Let haven_below_root : haven_below root.
Proof.
case: dtd => tree _ _ cov _ x _; have [r xr] := cov x.
by exists r => //; apply: tree.2.
Qed.

Let haven_below_child r : haven_below r -> exists2 c, par c = Some r & haven_below c.
Proof.
case: dtd => _ _ _ _ normal below_r; set B := dtd_bag par X W r.
have B_small := small (subxx B).
have [/set0Pn[x xB] B_sub _ _] := hb B_small.
have xB' : x \notin B by have := subsetP B_sub x xB; rewrite inE => /andP[].
have inX_B : in_X r \subset B.
  exact: subset_trans (subsetUr _ _) (subsetUl _ _).
have [r' le_rr' xr'] : below par W r x.
  by have [_ _ _ mono] := hb (small inX_B); apply/below_r/(subsetP (mono B inX_B B_small)).
case: (tle_child le_rr') => [er' | [c pc le_cr']].
  by case/negP: xB'; rewrite /B /dtd_bag -er' !inE xr'.
have XcB : X c \subset B.
  by apply: subset_trans (bigcup_sup c _) (subsetUr _ _); rewrite pc.
have [_ _ _ Xc_mono] := hb (small XcB).
exists c; rewrite // /haven_below /in_X pc.
have xXc := subsetP (Xc_mono B XcB B_small) x xB.
apply: (haven_normal hb (small XcB) (normal r c pc) xXc).
by exists r'.
Qed.

Lemma haven_no_small_dtree_dec : False.
Proof.
case: dtd => tree _ _ _ _.
exact: (out_tree_no_descent tree haven_below_child haven_below_root).
Qed.

End DtreeLowerBound.

Lemma dtd_width_ge_haven (V R : finType) (E : rel V) (par : R -> option R) (root : R)
    (X W : R -> {set V}) A k b :
  haven E A k.+1 b -> is_dtree_dec E par root X W -> k <= dtd_width par X W.
Proof.
move=> hb dtd; rewrite leqNgt; apply/negP => lt_w.
apply: (haven_no_small_dtree_dec dtd hb) => r; rewrite ltnS.
have : #|dtd_bag par X W r| <= \max_r #|dtd_bag par X W r| by apply: leq_bigmax.
by move: lt_w; rewrite /dtd_width; lia.
Qed.

Definition lvar (i : 'I_2) : aexp (2 + 2) := AVar (lshift 2 i).
Definition rvar (i : 'I_2) : aexp (2 + 2) := AVar (rshift 2 i).

Definition width_prog : tprog :=
  {| pk := 2;
     pleaf i := if i == ord0 then 1 else 0;
     punion i := if i == ord0 then AAdd (lvar ord0) (rvar ord0)
                 else AMax (lvar ord_max) (rvar ord_max);
     pseries i := if i == ord0 then AAdd (lvar ord0) (rvar ord0)
                  else AMin (AAdd (lvar ord_max) (rvar ord0))
                            (AAdd (rvar ord_max) (lvar ord0));
     pout_pw := AVar ord_max;
     pout_tw := AVar ord_max |}.

Lemma pair_env_lshift k (f g : 'I_k -> nat) i : pair_env f g (lshift k i) = f i.
Proof. by rewrite /pair_env -[lshift k i]/(unsplit (inl i)) unsplitK. Qed.

Lemma pair_env_rshift k (f g : 'I_k -> nat) i : pair_env f g (rshift k i) = g i.
Proof. by rewrite /pair_env -[rshift k i]/(unsplit (inr i)) unsplitK. Qed.

Lemma run_width_prog (V : Type) (t : cotree V) :
  run_state width_prog t ord0 = nleaves t /\
  run_state width_prog t ord_max = cowidth t.
Proof.
elim: t => [v|l [IHl0 IHl1] r [IHr0 IHr1]|l [IHl0 IHl1] r [IHr0 IHr1]] //=;
  by rewrite !(pair_env_lshift, pair_env_rshift) IHl0 IHl1 IHr0 IHr1
             /nleaves /= size_cat.
Qed.

(* A leaf costs 2 and an inner node at most 10; a binary tree with n leaves
   has n - 1 inner nodes. *)
Lemma state_cost_width_prog (V : Type) (t : cotree V) :
  state_cost width_prog t + 10 <= 12 * nleaves t.
Proof.
elim: t => [v|l IHl r IHr|l IHl r IHr] //=;
  rewrite /nleaves /= size_cat !big_ord_recr big_ord0 /= -/(nleaves l) -/(nleaves r);
  lia.
Qed.

Theorem theorem5p7 :
  exists (P : tprog) (c : nat),
    forall (V : finType) (E : rel V) (t : cotree V),
      is_bin_exdicotree E t ->
      [/\ is_dpw E (run_pw P t),
          is_dtw E (run_tw P t) &
          run_cost P t <= c * #|V|].
Proof.
exists width_prog, 12 => V E t [t_uniq t_all t_yields].
have leafsetT : leafset t = [set: V] by apply/setP => x; rewrite !inE t_all.
have [b hb] := haven_cotree t_uniq t_yields; rewrite leafsetT in hb.
have s_dec : is_dpath_dec E (cotree_dpd t).
  by apply: is_dpath_dec_onT; rewrite -leafsetT; apply: cotree_dpd_dec.
have s_width : dpd_width (cotree_dpd t) <= cowidth t.
  rewrite /dpd_width leq_subLR add1n; apply/bigmax_leqP_seq => X X_s _.
  exact: (allP (cotree_dpd_bags t)).
have [par [root [X [W [t_dec t_width]]]]] := dtree_dec_of_dpath_dec (first_leaf t) s_dec.
have [_ run_cowidth] := run_width_prog t.
rewrite /run_pw /run_tw /= run_cowidth; split.
- split=> [|s]; last exact: dpd_width_ge_haven hb.
  exists (cotree_dpd t); split=> //; apply/eqP.
  by rewrite eqn_leq s_width (dpd_width_ge_haven hb s_dec).
- split=> [|R par' root' X' W']; last exact: dtd_width_ge_haven hb.
  exists V, par, root, X, W; split=> //; apply/eqP.
  by rewrite eqn_leq (leq_trans t_width s_width) (dtd_width_ge_haven hb t_dec).
- have : nleaves t <= #|V| by rewrite /nleaves -(card_uniqP t_uniq) max_card.
  by rewrite /run_cost /=; have := state_cost_width_prog t; lia.
Qed.
(* Let $A_1,A_2\in\mathbb{R}_{\max}^{n\times n}$ with $A_2<CSR[A_1]$, and let $A=A_1\oplus A_2$. Then $\lambda(A)=\lambda(A_1)$, $\mathrm{crit}(A)=\mathrm{crit}(A_1)$, $CS^tR[A]=CS^tR[A_1]$ for all $t\ge1$, and $T_1(A)=T_1(A_1)$.
   Context: Max-plus semiring $\mathbb{R}_{\max}=\mathbb{R}\cup\{-\infty\}$ with $a\oplus b=\max(a,b)$, $a\otimes b=a+b$; $(A\oplus B)_{ij}=\max(a_{ij},b_{ij})$, $(AB)_{ij}=\max_k(a_{ik}+b_{kj})$; $A^t$ is the $t$-th max-plus power, $A^0=I$. $\mathcal{D}(A)$ is the digraph on $\{1,\dots,n\}$ with arc $(i,j)$ of weight $a_{ij}$ whenever $a_{ij}\ne-\infty$; walks, length (number of arcs), weight (sum of arc weights), cycles as usual. $\lambda(A)$ is the maximal cycle mean ($-\infty$ if no cycle). $\mathrm{crit}(A)$ is the subgraph of all nodes and arcs of cycles attaining $\lambda(A)$; its nodes are critical. The cyclicity of $\mathrm{crit}(A)$ is the lcm over its strongly connected components of the gcd of their cycle lengths. CSR terms: if $\lambda=\lambda(A)\ne-\infty$, with $\gamma$ the cyclicity of $\mathrm{crit}(A)$, $A_\lambda$ equal to $A$ with $\lambda$ subtracted from every finite entry, $M=I\oplus N\oplus\dots\oplus N^{n-1}$ where $N=A_\lambda^\gamma$: $c_{ij}=m_{ij}$ if $j$ critical, else $-\infty$; $r_{ij}=m_{ij}$ if $i$ critical, else $-\infty$; $s_{ij}=a_{ij}$ if $(i,j)$ is an arc of $\mathrm{crit}(A)$, else $-\infty$; $CS^tR[A]$ is the product $CS^tR$ and $CSR[A]=CS^1R[A]$. If $\lambda(A)=-\infty$, $CS^tR[A]$ is the all-$(-\infty)$ matrix. $B_N$ has $(B_N)_{ij}=-\infty$ if $i$ or $j$ is critical and $a_{ij}$ otherwise. $T_1(A)$ is the least $T\ge0$ with $A^t=CS^tR[A]\oplus B_N^t$ for all $t\ge T$. Strict order: for matrices $X,Y$, $X<Y$ means $x_{ij}\le y_{ij}$ for all $i,j$, with $x_{ij}=y_{ij}$ only if both equal $-\infty$. *)

(* Max-plus matrices over R_max = R ∪ {-oo}, modelled with
   option R (None = -oo), for an arbitrary real (ordered) field R. *)
From HB Require Import structures.
From mathcomp Require Import all_boot all_order all_algebra.
Set Implicit Arguments. Unset Strict Implicit. Unset Printing Implicit Defensive.
Import Order.TTheory GRing.Theory Num.Theory.
Local Open Scope ring_scope.
(* Let $R$ be a ring satisfying (C): every subring of $Q_{\max}^r(R)$ containing $R$ is flat as a left $R$-module, and (C'): every subring of $Q_{\max}^r(R)$ containing $R$ is flat as a right $R$-module. Then $Q_\omega=Q_{\mathrm{tot}}^r(R)$, where $\omega$ is the first infinite ordinal and $Q_\omega$ is defined in the context. In particular, every commutative ring $R$ satisfying (C) has $Q_\omega=Q_{\mathrm{tot}}^r(R)$.
   Context: Rings are associative with unit. For a Gabriel filter $\mathcal{E}$ of right ideals of $R$ (with associated hereditary torsion theory and torsion submodule $\mathcal{T}R$ of $R$), $R_{\mathcal{E}}=\varinjlim_{I\in\mathcal{E}}\mathrm{Hom}_R(I,R/\mathcal{T}R)$ is the right ring of quotients. Define, for ordinals $\alpha$, subrings $Q_\alpha$ of $Q_{\max}^r(R)$ containing $R$: $Q_0=Q_{\max}^r(R)$ with filter $\mathcal{E}_0$ the dense right ideals; $\mathcal{E}_{\alpha+1}=\{I: IQ_\alpha=Q_\alpha\}$ (the Gabriel filter of the torsion theory whose torsion modules are the $M$ with $M\otimes_R Q_\alpha=0$) and $Q_{\alpha+1}=R_{\mathcal{E}_{\alpha+1}}$; for limit $\alpha$, $\mathcal{E}_\alpha=\bigcap_{\beta<\alpha}\mathcal{E}_\beta$ and $Q_\alpha=R_{\mathcal{E}_\alpha}=\bigcap_{\beta<\alpha}Q_\beta$. In particular $Q_\omega=\bigcap_{n\ge0}Q_n$. $Q_{\mathrm{tot}}^r(R)$ is the total right ring of quotients: the largest ring extension $S\subseteq Q_{\max}^r(R)$ of $R$ such that $R\to S$ is a ring epimorphism and $S$ is flat as a left $R$-module. *)

(* Noncommutative rings R with unit; right R-modules are
   modelled as left modules over the converse ring R^c. *)
From HB Require Import structures.
From mathcomp Require Import all_boot all_order all_algebra.
Set Implicit Arguments. Unset Strict Implicit. Unset Printing Implicit Defensive.
Import GRing.Theory.
Local Open Scope ring_scope.
Lemma star_cons_mulI_mono (j j' : seq K) :
  (forall y, y \in j -> J y) -> (forall y, y \in j' -> J y) -> {subset j <= j'} ->
  fsubset (star (mulI (span (j0 :: j)) C)) (star (mulI (span (j0 :: j')) C)).
Proof.
move=> jJ j'J jj'; apply: star_mono; [exact: dom_cons_mulI.. |].
apply: mulI_subset => //; apply: span_subset => y /[!inE] /orP [-> // | /jj' ->].
by rewrite orbT.
Qed.

Lemma star_f_mulI_fg x : star_f star (mulI J C) x ->
  exists j, (forall y, y \in j -> J y) /\ star (mulI (span (j0 :: j)) C) x.
Proof.
move=> [t [tJC [t_nz tx]]].
have [j [jJ tjC]] := mulI_span_fg (fun y yt => tJC y (span_mem yt)).
have JC_ideal : ideal (mulI J C).
  by apply: (nz_ideal_mulI _ C_nz_ideal).1; split=> //; exists j0.
have t_dom : dom (span t) by apply/dom_nz_ideal/(nz_ideal_span JC_ideal tJC).
have t_sub : fsubset (span t) (mulI (span (j0 :: j)) C).
  apply: span_sub; first exact/submodule_mulI/submodule_span.
  move=> y /tjC; apply: mulI_subset => //; apply: span_subset => z zj.
  by rewrite inE zj orbT.
by exists j; split=> //; apply: star_mono t_dom (dom_cons_mulI jJ) t_sub _ tx.
Qed.

Lemma star_f_mulI_cover (g : seq K) :
  (forall x, x \in g -> star_f star (mulI J C) x) ->
  exists j, (forall y, y \in j -> J y) /\
    forall x, x \in g -> star (mulI (span (j0 :: j)) C) x.
Proof.
move=> gJC; apply: collect_witnesses => [x j j' j'J jj' jx|x /gJC].
- by apply: star_cons_mulI_mono jx => // y yj; apply/j'J/jj'.
- exact: star_f_mulI_fg.
Qed.

End FgReduction.

Lemma star_reduction_fg (s : seq K) (J : fset) (j0 : K) n :
  nz_ideal (span s) -> ideal J -> J j0 -> j0 <> 0 -> fsubset J (span s) ->
  star_f star (mulI J (powI (span s) n)) = star_f star (powI (span s) n.+1) ->
  exists j, (forall y, y \in j -> J y) /\
    star (mulI (span (j0 :: j)) (powI (span s) n)) = star (powI (span s) n.+1).
Proof.
move=> I_nz J_ideal Jj0 j0_neq0 JI red.
have C_nz := nz_ideal_powI n I_nz.
have I1_dom : dom (powI (span s) n.+1) by apply/dom_nz_ideal/nz_ideal_powI.
have [g [gI Ig]] := powI_span_fg s n.+1.
have gJC : forall x, x \in g -> star_f star (mulI J (powI (span s) n)) x.
  by move=> x /gI /(star_f_ext (nz_ideal_powI n.+1 I_nz)); rewrite red.
have [j [jJ gj]] := star_f_mulI_cover J_ideal Jj0 j0_neq0 C_nz gJC.
have J0C_dom : dom (mulI (span (j0 :: j)) (powI (span s) n)).
  exact/dom_nz_ideal/nz_ideal_mulI/C_nz/(nz_ideal_span_cons J_ideal Jj0 j0_neq0 jJ).
exists j; split=> //; apply: fsubset_antisym.
- apply: star_mono => // y /mulIC; apply: mulI_subset => // z zJ0.
  exact/JI/(span_cons_sub J_ideal Jj0 jJ).
- apply: star_sub_star => // y /Ig.
  exact: (span_sub (submodule_star J0C_dom) gj).
Qed.

Lemma star_f_eq_of_star_eq (t : seq K) (J I : fset) :
  nz_ideal I -> fsubset (span t) J -> fsubset J I -> nonzero_set (span t) ->
  star (span t) = star I -> star_f star J = star_f star I.
Proof.
move=> I_nz tJ JI t_nz tI; apply: fsubset_antisym => x [u [uX [u_nz ux]]].
- by exists u; split=> // y /uX /JI.
- exists t; split=> //; split=> //; rewrite tI; apply: star_mono ux => //.
  + exact/dom_nz_ideal/(nz_ideal_span I_nz.1 uX).
  + exact: dom_nz_ideal.
Qed.

Lemma star_f_basic_of_star_basic :
  (forall I, fg_ideal I -> star_basic star I) ->
  forall I, fg_ideal I -> star_basic (star_f star) I.
Proof.
move=> basic I I_fg J [J_ideal [j0 [Jj0 j0_neq0]] JI [n red]].
have I_nz := nz_ideal_fg I_fg.
have [[s [_ I_span]] _] := I_fg; subst I.
have [j [jJ J0_red]] := star_reduction_fg I_nz J_ideal Jj0 j0_neq0 JI red.
have J0_nz := nz_ideal_span_cons J_ideal Jj0 j0_neq0 jJ.
have J0J := span_cons_sub J_ideal Jj0 jJ.
apply: (star_f_eq_of_star_eq I_nz J0J JI J0_nz.2).
apply: basic => //; split; [exact: J0_nz.1 | exact: J0_nz.2 | |by exists n].
by move=> y /J0J /JI.
Qed.

End StarClosure.

Section Instances.
Variable R : idomainType.
Local Notation fset := (fset R).

Lemma frac_ideal_nz_ideal (X : fset) : nz_ideal X -> frac_ideal X.
Proof.
move=> [[Xs XR] X_nz]; split=> //; exists 1; split; first exact: oner_neq0.
by move=> x /XR; rewrite rmorph1 mul1r.
Qed.

Lemma submodule_colon (X : fset) : submodule (colon X).
Proof.
have [R0 RD RM] := submodule_inR R; split.
- by move=> y _; rewrite mul0r.
- by move=> x y Xx Xy z Xz; rewrite mulrDl; apply: RD; [apply: Xx | apply: Xy].
- by move=> r x Rr Xx z Xz; rewrite -mulrA; apply: RM => //; apply: Xx.
Qed.

Lemma v_op_ext (X : fset) : fsubset X (v_op X).
Proof. by move=> x Xx y Xy; rewrite mulrC; apply: Xy. Qed.

Lemma v_op_sub_v_op (X Y : fset) : fsubset X (v_op Y) -> fsubset (v_op X) (v_op Y).
Proof. by move=> XY x Xx y Yy; apply: Xx => z /XY Yz; rewrite mulrC; apply: Yz. Qed.

End Instances.

Theorem proposition1p8 (R : idomainType) :
  (forall star : fset R -> fset R, is_star_op star ->
     (forall I, fg_ideal I -> star_basic star I) ->
     forall I, fg_ideal I -> star_basic (star_f star) I)
  /\
  ((forall I, fg_ideal I -> star_basic (@v_op R) I) ->
     forall I, fg_ideal I -> star_basic (@t_op R) I).
Proof.
split.
- move=> star [star_frac [_ _ star_ext star_mono star_idem]].
  apply: (star_f_basic_of_star_basic (dom := @frac_ideal R)).
  + exact: frac_ideal_nz_ideal.
  + exact: star_ext.
  + move=> X Y dX dY XY; rewrite -(star_idem Y dY).
    exact: star_mono (star_frac Y dY) XY.
  + by move=> X /star_frac [].
- apply: (star_f_basic_of_star_basic (dom := fun _ => True)) => //.
  + by move=> X _; apply: v_op_ext.
  + by move=> X Y _ _; apply: v_op_sub_v_op.
  + by move=> X _; apply: submodule_colon.
Qed.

━━━━━━

• _What the exercise asks_
Nothing but a number should be given: the count of lines in the data above with the word "AVar".

• _Answer section_
4